Depends what the tank is doing, firing at at other tanks at 500 yds the bow machine gun is useless, if fact firing at infantry at 500 yds the bow machine gun is much less useful than the turret gun.


----------



## davebender (Apr 27, 2012)

3 man turret normally contains:
- Commander.
- Gunner.
- Loader.

No autoloaders during WWII. So a 2 man turret contains:
- Gunner. 
- Loader.
Without a dedicated vehicle commander the gunner is also vehicle commander. An arrangement that doesn't work well.


----------



## Vincenzo (Apr 27, 2012)

sometime the 2 men are a commander and a gunner/loader


----------



## davebender (Apr 27, 2012)

That arrangement is even worse.


----------



## fastmongrel (Apr 27, 2012)

In a 2 man turret the commander is the loader. It is utterly impossible for the gunner to be the commander, the gunner can at best see just a few degrees either side of the main armament using a vision scope or vision block. In a 3 man turret the loader is the 2nd in command no matter what his rank.


----------



## davebender (Apr 27, 2012)

According to Otto Carius Soviet T-34s typically buttoned up early on and made a bee line for the objective. No commanders cupola on most T-34/76 so the loader cannot see a thing outside the turret. The gunner can at least see a little bit.


----------



## Juha (Apr 27, 2012)

davebender said:


> According to Otto Carius Soviet T-34s typically buttoned up early on and made a bee line for the objective. No commanders cupola on most T-34/76 so the loader cannot see a thing outside the turret. The gunner can at least see a little bit.

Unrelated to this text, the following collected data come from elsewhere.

Lemma Lspec3_cases N x y z : x != y -> x < z -> y < z ->
  (forall l, Lspec N l <-> [\/ l = x, l = y | l = z]) ->
  (forall l, Lspec_int N l <-> l = z) /\ (forall l, Lspec_bd N l <-> l = x \/ l = y)
  \/ [/\ Lspec_int N x, Lspec_int N y & Lspec_bd N z].
Proof.
move=> /eqP xy xz yz spec.
have sx : Lspec N x by apply/spec; constructor 1.
have sy : Lspec N y by apply/spec; constructor 2.
have sz : Lspec N z by apply/spec; constructor 3.
have [bz | iz] := (Lspec_bd_or_int N z).1 sz.
  right; split => //.
  - have [bx | //] := (Lspec_bd_or_int N x).1 sx.
    by case: xy; rewrite (Lspec_below_bd_pair bx bz xz sy yz).
  - have [by_ | //] := (Lspec_bd_or_int N y).1 sy.
    by case: xy; rewrite (Lspec_below_bd_pair by_ bz yz sx xz).
have nix : ~ Lspec_int N x.
  by move=> ix; case: xy; rewrite (Lspec_below_int_pair ix iz xz sy yz).
have niy : ~ Lspec_int N y.
  by move=> iy; case: xy; rewrite (Lspec_below_int_pair iy iz yz sx xz).
have [bx | //] := (Lspec_bd_or_int N x).1 sx.
have [by_ | //] := (Lspec_bd_or_int N y).1 sy.
have nbz : ~ Lspec_bd N z.
  by move=> bz; case: xy; rewrite (Lspec_below_bd_pair bx bz xz sy yz).
left; split=> l; split.
- move=> il; have : Lspec N l by apply/Lspec_bd_or_int; right.
  by case/spec => // e; [case: nix | case: niy]; rewrite -e.
- by move=> ->.
- move=> bl; have : Lspec N l by apply/Lspec_bd_or_int; left.
  by case/spec => e; [left | right | case: nbz; rewrite -e].
- by case=> ->.
Qed.

Lemma Lspec_eq_two_strict M N : two_strict_bd M ->
  (forall l, Lspec N l <-> Lspec M l) ->
  \tr N = \tr M /\
  ([/\ \det N = \det M, forall l, Lspec_int N l <-> Lspec_int M l
     & forall l, Lspec_bd N l <-> Lspec_bd M l]
   \/ lplus N * lminus N = \det M /\ \det N = lplus M * lminus M).
Proof.
move=> sM eN; have lpm : lplus M != lminus M by case: sM.
have [lp_mu lm_mu eint ebd] := two_strict_bd_spec sM.
have mu_root := Lspec_int_root ((eint _).2 erefl).
have spec3 l : Lspec N l <-> [\/ l = lplus M, l = lminus M | l = perron_root M].
  rewrite eN Lspec_bd_or_int eint ebd.
  by split=> [[[] | ] | []] ->;
    [exact: Or31 | exact: Or32 | exact: Or33 | left; left | left; right | right].
have [[iN bN] | [ixN iyN bzN]] := Lspec3_cases lpm lp_mu lm_mu spec3.
  have trN : \tr N = \tr M.
    rewrite -(Lspec_bd_pair_tr lpm ((bN _).2 (or_introl erefl))) ?mxtrace_coords //.
    exact: (bN _).2 (or_intror erefl).
  split=> //; left; split=> [| l | l]; [ | by rewrite iN eint | by rewrite bN ebd].
  by have := Lspec_int_root ((iN _).2 erefl); rewrite trN; lra.
have [trN detN] := quad_roots lpm (Lspec_int_root ixN) (Lspec_int_root iyN).
split; first by rewrite -trN mxtrace_coords.
right; split => //; rewrite !mxtrace_coords in trN mu_root.
case/Lspec_bdP: bzN => [[e _] | [e _]].
  have -> : lminus N = lplus M + lminus M - lplus N by lra.
  by rewrite -e; lra.
have -> : lplus N = lplus M + lminus M - lminus N by lra.
by rewrite -e; lra.
Qed.

Definition Eplus : 'M[R]_2 := const_mx (1 / 2).

Lemma Eplus_coords :
  [/\ lplus Eplus = 1, lminus Eplus = 0, kplus Eplus = 0 & kminus Eplus = 0].
Proof. by rewrite /lplus /lminus /kplus /kminus !mxE; split; field. Qed.

Lemma inW_Eplus sym : inW sym Eplus.
Proof. by case: sym => //=; rewrite trmx_const. Qed.

Lemma inW_pencil sym t Y B : inW sym Y -> inW sym B -> inW sym (t *: Y + B).
Proof. by case: sym => //= eY eB; rewrite linearD linearZ /= eY eB. Qed.

Lemma two_strict_bd_pencil M t : two_strict_bd M -> t != lminus M - lplus M ->
  two_strict_bd (t *: Eplus + M).
Proof.
case=> kp km _ /eqP t0; rewrite /two_strict_bd.
have [-> -> -> ->] := pencil_coords t Eplus M.
have [-> -> -> ->] := Eplus_coords; rewrite !mulr0 !add0r mulr1.
by split=> //; apply/eqP => e; apply: t0; lra.
Qed.

Definition lin_poly (f : 'M[R]_2 -> R) B Y : {poly R} := (f B)%:P + f Y *: 'X.
Definition tr_poly B Y := lin_poly lplus B Y + lin_poly lminus B Y.
Definition diag_poly B Y := lin_poly lplus B Y * lin_poly lminus B Y.
Definition det_poly B Y := diag_poly B Y - lin_poly kplus B Y * lin_poly kminus B Y.

Lemma tr_polyE B Y t : (tr_poly B Y).[t] = \tr (t *: Y + B).
Proof.
rewrite mxtrace_coords; have [-> -> _ _] := pencil_coords t Y B.
by rewrite /tr_poly /lin_poly !(hornerD, hornerC, hornerZ, hornerX); ring.
Qed.

Lemma diag_polyE B Y t : (diag_poly B Y).[t] = lplus (t *: Y + B) * lminus (t *: Y + B).
Proof.
have [-> -> _ _] := pencil_coords t Y B.
by rewrite /diag_poly /lin_poly !(hornerD, hornerN, hornerM, hornerC, hornerZ, hornerX); ring.
Qed.

Lemma det_polyE B Y t : (det_poly B Y).[t] = \det (t *: Y + B).
Proof.
rewrite det_coords; have [-> -> -> ->] := pencil_coords t Y B.
by rewrite /det_poly /diag_poly /lin_poly !(hornerD, hornerN, hornerM, hornerC, hornerZ, hornerX); ring.
Qed.

Lemma diag_pencil_not_eigen M B Y : 0 < kplus M * kminus M ->
  (forall t, \tr (t *: Y + B) = \tr (t *: Eplus + M)) ->
  (forall t, lplus (t *: Y + B) * lminus (t *: Y + B) = \det (t *: Eplus + M)) -> False.
Proof.
move=> kk etr edet.
suff [] : lplus Y - 1 = 0 /\ lplus Y = 0 by lra.
apply: (@affine_mul_const _ (lplus B - lplus M) _ (lplus B - lminus M) _ (kplus M * kminus M)).
  by rewrite gt_eqF.
move=> t; have := etr t; have := edet t; rewrite !mxtrace_coords det_coords.
have [-> -> _ _] := pencil_coords t Y B; have [-> -> -> ->] := pencil_coords t Eplus M.
have [-> -> -> ->] := Eplus_coords => edet_t etr_t.
have eq_lm : t * lminus Y + lminus B = t + lplus M + lminus M - (t * lplus Y + lplus B).
  by lra.
by rewrite eq_lm in edet_t; lra.
Qed.

Section Preserver.
Variables (sym : bool) (phi : 'M[R]_2 -> 'M[R]_2).
Hypothesis phi_lin : forall (k : R) (A B : 'M[R]_2), inW sym A -> inW sym B ->
  phi (k *: A + B) = k *: phi A + phi B.
Hypothesis phi_pres : forall A, inW sym A -> forall lam, Lspec (phi A) lam <-> Lspec A lam.

Lemma det_phi_two_strict M : inW sym M -> two_strict_bd M -> \det (phi M) = \det M.
Proof.
move=> WM sM; set t0 := lminus M - lplus M; have WE := inW_Eplus sym.
have cmp t : t != t0 ->
    \tr (t *: phi Eplus + phi M) = \tr (t *: Eplus + M) /\
    (\det (t *: phi Eplus + phi M) = \det (t *: Eplus + M) \/
     lplus (t *: phi Eplus + phi M) * lminus (t *: phi Eplus + phi M) = \det (t *: Eplus + M)).
  move=> ht; rewrite -phi_lin //.
  have := Lspec_eq_two_strict (two_strict_bd_pencil sM ht) (phi_pres (inW_pencil t WE WM)).
  by case=> ? [[? _ _] | [? _]]; split => //; [left | right].
have tr_eq : tr_poly (phi M) (phi Eplus) = tr_poly M Eplus.
  by apply: (@poly_eq_except _ _ _ t0) => t ht; rewrite !tr_polyE; case: (cmp t ht).
have det_or_diag : det_poly (phi M) (phi Eplus) = det_poly M Eplus \/
                    diag_poly (phi M) (phi Eplus) = det_poly M Eplus.
  apply: (@poly_eq_or_except _ _ _ _ _ t0) => t ht.
  by rewrite !det_polyE diag_polyE; case: (cmp t ht).
case: det_or_diag => [edet | ediag].
  by have := det_polyE (phi M) (phi Eplus) 0; rewrite edet det_polyE !scale0r !add0r.
exfalso; apply: (@diag_pencil_not_eigen M (phi M) (phi Eplus)) => [| t | t].
- by case: sM => kp km _; apply: mulr_gt0.
- by rewrite -!tr_polyE tr_eq.
- by rewrite -diag_polyE ediag det_polyE.
Qed.

End Preserver.

End LorentzCoordinates.

Unset Implicit Arguments.
Set Strict Implicit.

Theorem lemma4p1 (R : realType) (sym : bool) (phi : 'M[R]_2 -> 'M[R]_2)
  (phiW : forall A, inW sym A -> inW sym (phi A))
  (phi_lin : forall (k : R) (A B : 'M[R]_2), inW sym A -> inW sym B ->
     phi (k *: A + B) = k *: phi A + phi B)
  (phi_pres : forall A, inW sym A -> forall lam, Lspec (phi A) lam <-> Lspec A lam)
  (A : 'M[R]_2) (HA : inW sym A)
  (l1 l2 : R) (Hl12 : l1 != l2) (H1 : strict_bd A l1) (H2 : strict_bd A l2) :
  [/\ (forall lam, Lspec_int A lam <-> Lspec_int (phi A) lam),
      (exists lam, Lspec_int A lam)
    & (forall lam, Lspec_bd A lam <-> Lspec_bd (phi A) lam)].
Proof.
have sA := two_strict_bd_of_pair Hl12 H1 H2.
have [_ _ intA _] := two_strict_bd_spec sA.
have [_ [[_ eint ebd] | [_ edet]]] := Lspec_eq_two_strict sA (phi_pres A HA).
  split=> [lam | | lam]; first by rewrite eint.
    by exists (perron_root A); apply/intA.
  by rewrite ebd.
have := det_phi_two_strict phi_lin phi_pres HA sA.
rewrite edet det_coords; case: sA => kp km _.
by have := mulr_gt0 kp km; lra.
Qed.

IIRC T-34/76s had two rotarable periscopes for the turret crew, so the commander/loader did see out when the tank was buttoned up. Of course German type cupola would have been better.

Juha


----------



## Freebird (Apr 27, 2012)

Vincenzo said:


> What tanks, WWII tanks not prototypes&experimentals, had a 3 men turret?



Canadian RAM Grizzly


----------



## Vincenzo (Apr 27, 2012)

true freebird, same is for the Sentinel (i 've all included in british cruisers)


----------